但眼下,她卻為了不相幹的人留在循環裏,這就不僅僅是一句簡單的“善良”了。

“江一冉,我代黃永信謝謝你。”周南城說這話時格外認真地看著她眼睛,語氣也很鄭重。

江一冉對他搖搖頭,“算了,謝就不用了。不管怎麽說,黃家二爺爺畢竟是為我們放風時被人襲擊的,我怎麽好意思不管他。”

周南城“嗯”了一聲,接口說,“不過,你一個人在這我不放心。萬一那夥人發現舍利是假的,回頭再來你一個人應付不了,你和我一塊回去。”

這個可能性的確很大。

江一冉不再反對,轉身走到放東西的大石頭邊,把兩件雨衣一塊拿出來,其中一件鋪在相對幹淨的草地上。

“周南城,那我們先把黃永信搬過來吧,一直躺在濕濕的地上,他的身體會受不了的。”

於是兩人又是一通忙活,既然不急著趕去“龍潭祭”,便又順便把黃永信身上濕濕的衣服褲子全都換下,最後再套上另一件雨衣,防止下雨把他淋濕了。

做完這些兩人互看了一眼,各自背上背包往橋上走。

“萬壽橋”上路燈通明。

長長的石橋上站在六名黑衣人,擋在他們麵前,他們所有人都戴著黑色的口罩,站在最前麵的黑衣人身材最為魁梧,朝他們伸出一隻手。

“拿來。”他的聲音聽上去還算年輕,感覺在三十歲左右,隻是略有些沙啞。

“沒有。”

江一冉裝作不明白地白了他一眼。

你誰阿你,憑什麽你要就得給。

那人對她點點頭,毫不含糊地往後一偏腦袋,後麵的五名黑衣人就要衝過來。

又來這招!

江一冉當即解下身後的背包,往跑在最前麵的黑衣人身上丟過去。

那黑衣人眼見背包朝他飛來,腳下稍稍減速,以手臂擋開,在背包落地的同時繼續往前衝。

然而就是在這稍稍落後的一瞬間,江一冉已從牛仔褲口袋裏抽出皮彈弓。

對準衝上來的黑衣人嘴巴就是一顆石頭射出去,黑衣人沒料到她手裏會有彈弓,眼見勁風襲來,他急忙偏過腦袋讓開。

但還不待他回頭,又是一道勁風朝他掃來,江一冉的腳尖已踢到他的鼻尖,“砰”一聲悶響,將他踢狠狠到在地。

偷襲成功!

黑衣人捂著自已的鼻子躺在地上半天起不來。

但她連高興的時間都沒有,另一個黑衣人很快就候補了上來。
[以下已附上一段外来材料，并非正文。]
Lemma RRU_units_through_zeta :
  comp (mB (idm I) (mB (idm A) (mB mu (idm A))))
    (comp (mB (zeta I A (oB I A) A) (idm A))
       (mB (mO (mB (idm I) eta) (mB (idm I) (mB eta eta))) eta))
  = comp (mB (idm I) (mB eta (mB eta eta))) (mB (zeta I I (oB I I) I) (idm I)).
Proof.
  rewrite <- (mB_comp _ (zeta I A (oB I A) A)), (comp_idm_l' eta) by solve_types.
  rewrite <- (mB_assoc _ (idm I) eta eta).
  rewrite (zeta_nat_at (idm I) eta (mB (idm I) eta) eta I A (oB I A) A I I (oB I I) I)
    by solve_types.
  rewrite mO_unitl, mB_compl by solve_types. rewrite dom_eta.
  rewrite comp_assoc by solve_types. f_equal.
  rewrite !mB_assoc, <- !mB_comp, mu_eta_eta, !comp_idm_l' by solve_types.
  reflexivity.
Qed.

Lemma RRU_rhs_units :
  comp (mB (idm I) (mB (idm A) Delta))
    (comp (mB (idm I) Delta) (comp (mB (idm I) eta) delta))
  = comp (mB (idm I) (mB eta (mB eta eta)))
      (comp (mB (idm I) (comp (mB (idm I) delta) delta)) delta).
Proof.
  rewrite (comp_assoc _ (mB (idm I) Delta)), <- mB_idm_comp, Delta_eta
    by solve_types.
  rewrite comp_assoc, <- mB_idm_comp by solve_types.
  rewrite (comp_assoc _ (mB (idm A) Delta)), <- mB_comp, Delta_eta, comp_idm_l'
    by solve_types.
  rewrite (mB_compr eta) by solve_types. rewrite dom_eta.
  rewrite <- (comp_assoc _ (mB eta (mB eta eta))), (mB_idm_comp (mB eta (mB eta eta)))
    by solve_types.
  rewrite <- comp_assoc by solve_types. reflexivity.
Qed.

Lemma RRU_of_comul_unit : RRU A mu eta Delta.
Proof.
  unfold RRU, e_; cbv zeta. rewrite Delta_eta, !mB_idm.
  rewrite (comp_assoc _ (mB (mO _ (mB _ _)) _) (mB (mO _ delta) _)) by solve_types.
  rewrite <- mB_comp_idm, <- mO_idm_comp, mB_idm_comp by solve_types.
  rewrite <- (comp_assoc _ (mB (idm I) (mB eta eta))), RRU_lhs_units by solve_types.
  rewrite (comp_assoc _ (mB (zeta _ _ _ _) _)) by solve_types.
  rewrite (comp_assoc _ (mB (idm I) (mB (idm A) (mB mu (idm A))))) by solve_types.
  rewrite RRU_units_through_zeta, RRU_rhs_units, <- comp_assoc by solve_types.
  f_equal. apply zeta_delta_coassoc.
Qed.

End RightUnit.

Section LeftCounit.
Context {d : Duoidal} (A : Ob d) (mu Delta eps : Mor d).
Hypotheses (dom_mu : dom mu = oO A A) (cod_mu : cod mu = A)
  (dom_Delta : dom Delta = A) (cod_Delta : cod Delta = oB A A)
  (dom_eps : dom eps = A) (cod_eps : cod eps = J).
Hypothesis eps_mu : comp eps mu = comp varpi (mO eps eps).
Hypothesis eps_eps_Delta : comp (mB eps eps) Delta = eps.

Lemma LRC_lhs_counits :
  comp (mO (idm J) (mO eps eps))
   (comp (mO (mB varpi (idm (oO J A))) (idm A))
    (comp (mO (mB (comp (mO (idm J) varpi) (mO (idm J) (mO eps eps)))
                  (idm (oO J A))) (idm A))
     (comp (mO (zeta (oO J A) J A A) (idm A))
      (mO (idm J) (mO (idm A) (mO Delta (idm A)))))))
  = comp (mO varpi (idm (oO J J))) (mO (idm J) (mO eps (mO eps eps))).
Proof.
  rewrite <- !(mO_assoc _ (idm J) eps eps).
  rewrite (comp_assoc _ (mO (mB varpi _) _)), <- mO_comp_idm, <- mB_comp_idm
    by solve_types.
  rewrite (comp_assoc _ (mO (mO (idm J) eps) eps)), <- mO_comp, (comp_idm_r' eps)
    by solve_types.
  rewrite comp_mB_J_idm by solve_types.
  rewrite (comp_assoc _ varpi), mB_compl' by solve_types.
  rewrite cod_mO, cod_idm, cod_eps.
  rewrite (comp_assoc _ (mO (comp _ _) eps)), <- mO_comp, (comp_idm_r' eps)
    by solve_types.
  rewrite <- (comp_assoc _ (mB (comp varpi _) _)) by solve_types.
  rewrite <- (zeta_nat_at (mO (idm J) eps) (idm J) eps eps
                (oO J J) J J J (oO J A) J A A) by solve_types.
  rewrite mB_unitr, <- (mO_assoc _ (idm J) (idm A) (mO Delta (idm A))),
    <- (mO_assoc _ (mO (idm J) (idm A)) Delta (idm A)), mO_idm.
  rewrite <- mO_comp, (comp_idm_r' eps) by solve_types.
  rewrite <- !comp_assoc, <- (mO_comp _ (mO (idm J) eps)) by solve_types.
  rewrite (comp_idm_r' (mO (idm J) eps)), eps_eps_Delta by solve_types.
  rewrite comp_assoc, zeta_varpi_assoc, mO_compl' by solve_types.
  rewrite cod_eps, mO_assoc, mO_idm, !mO_assoc. reflexivity.
Qed.

Lemma LRC_rhs_counits :
  comp (mO (idm J) eps) (comp (mO (idm J) mu) (mO (idm J) (mO (idm A) mu)))
  = comp (mO (idm J) varpi)
      (comp (mO (idm J) (mO (idm J) varpi)) (mO (idm J) (mO eps (mO eps eps)))).
Proof.
  rewrite comp_assoc, <- !mO_idm_comp, eps_mu by solve_types.
  rewrite <- comp_assoc, <- mO_comp, comp_idm_r', eps_mu by solve_types.
  rewrite (mO_compr' eps), cod_eps by solve_types. reflexivity.
Qed.

Lemma LRC_of_counit_mul : LRC A mu Delta eps.
Proof.
  unfold LRC, mubar; cbv zeta. rewrite LRC_rhs_counits, eps_mu, !mO_idm.
  rewrite !mO_idm_comp by solve_types.
  rewrite <- (comp_assoc _ (mO (idm J) varpi)), LRC_lhs_counits by solve_types.
  rewrite !(comp_assoc _ (mO (idm J) varpi) _ (mO (idm J) (mO eps (mO eps eps))))
    by solve_types.
  rewrite !(comp_assoc _ varpi _ (mO (idm J) (mO eps (mO eps eps)))) by solve_types.
  now rewrite varpi_assoc3.
Qed.

End LeftCounit.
人來得很快,她無法再用彈弓,隻能和他拳腳招呼上。

自6歲那年遭遇綁架後,媽媽就特地為她尋了一位從不收徒弟的老師傅,和靳東南一塊跟著他學練太極拳。

太極拳其實是很能實戰的武術,它的發力是中華武術裏最強、最完美的發力方式,隻是平常很少有人能見到而已。

是以她與黑衣人才過了幾個回合,那黑衣人便看出了門道,竟對她“咦”了一聲。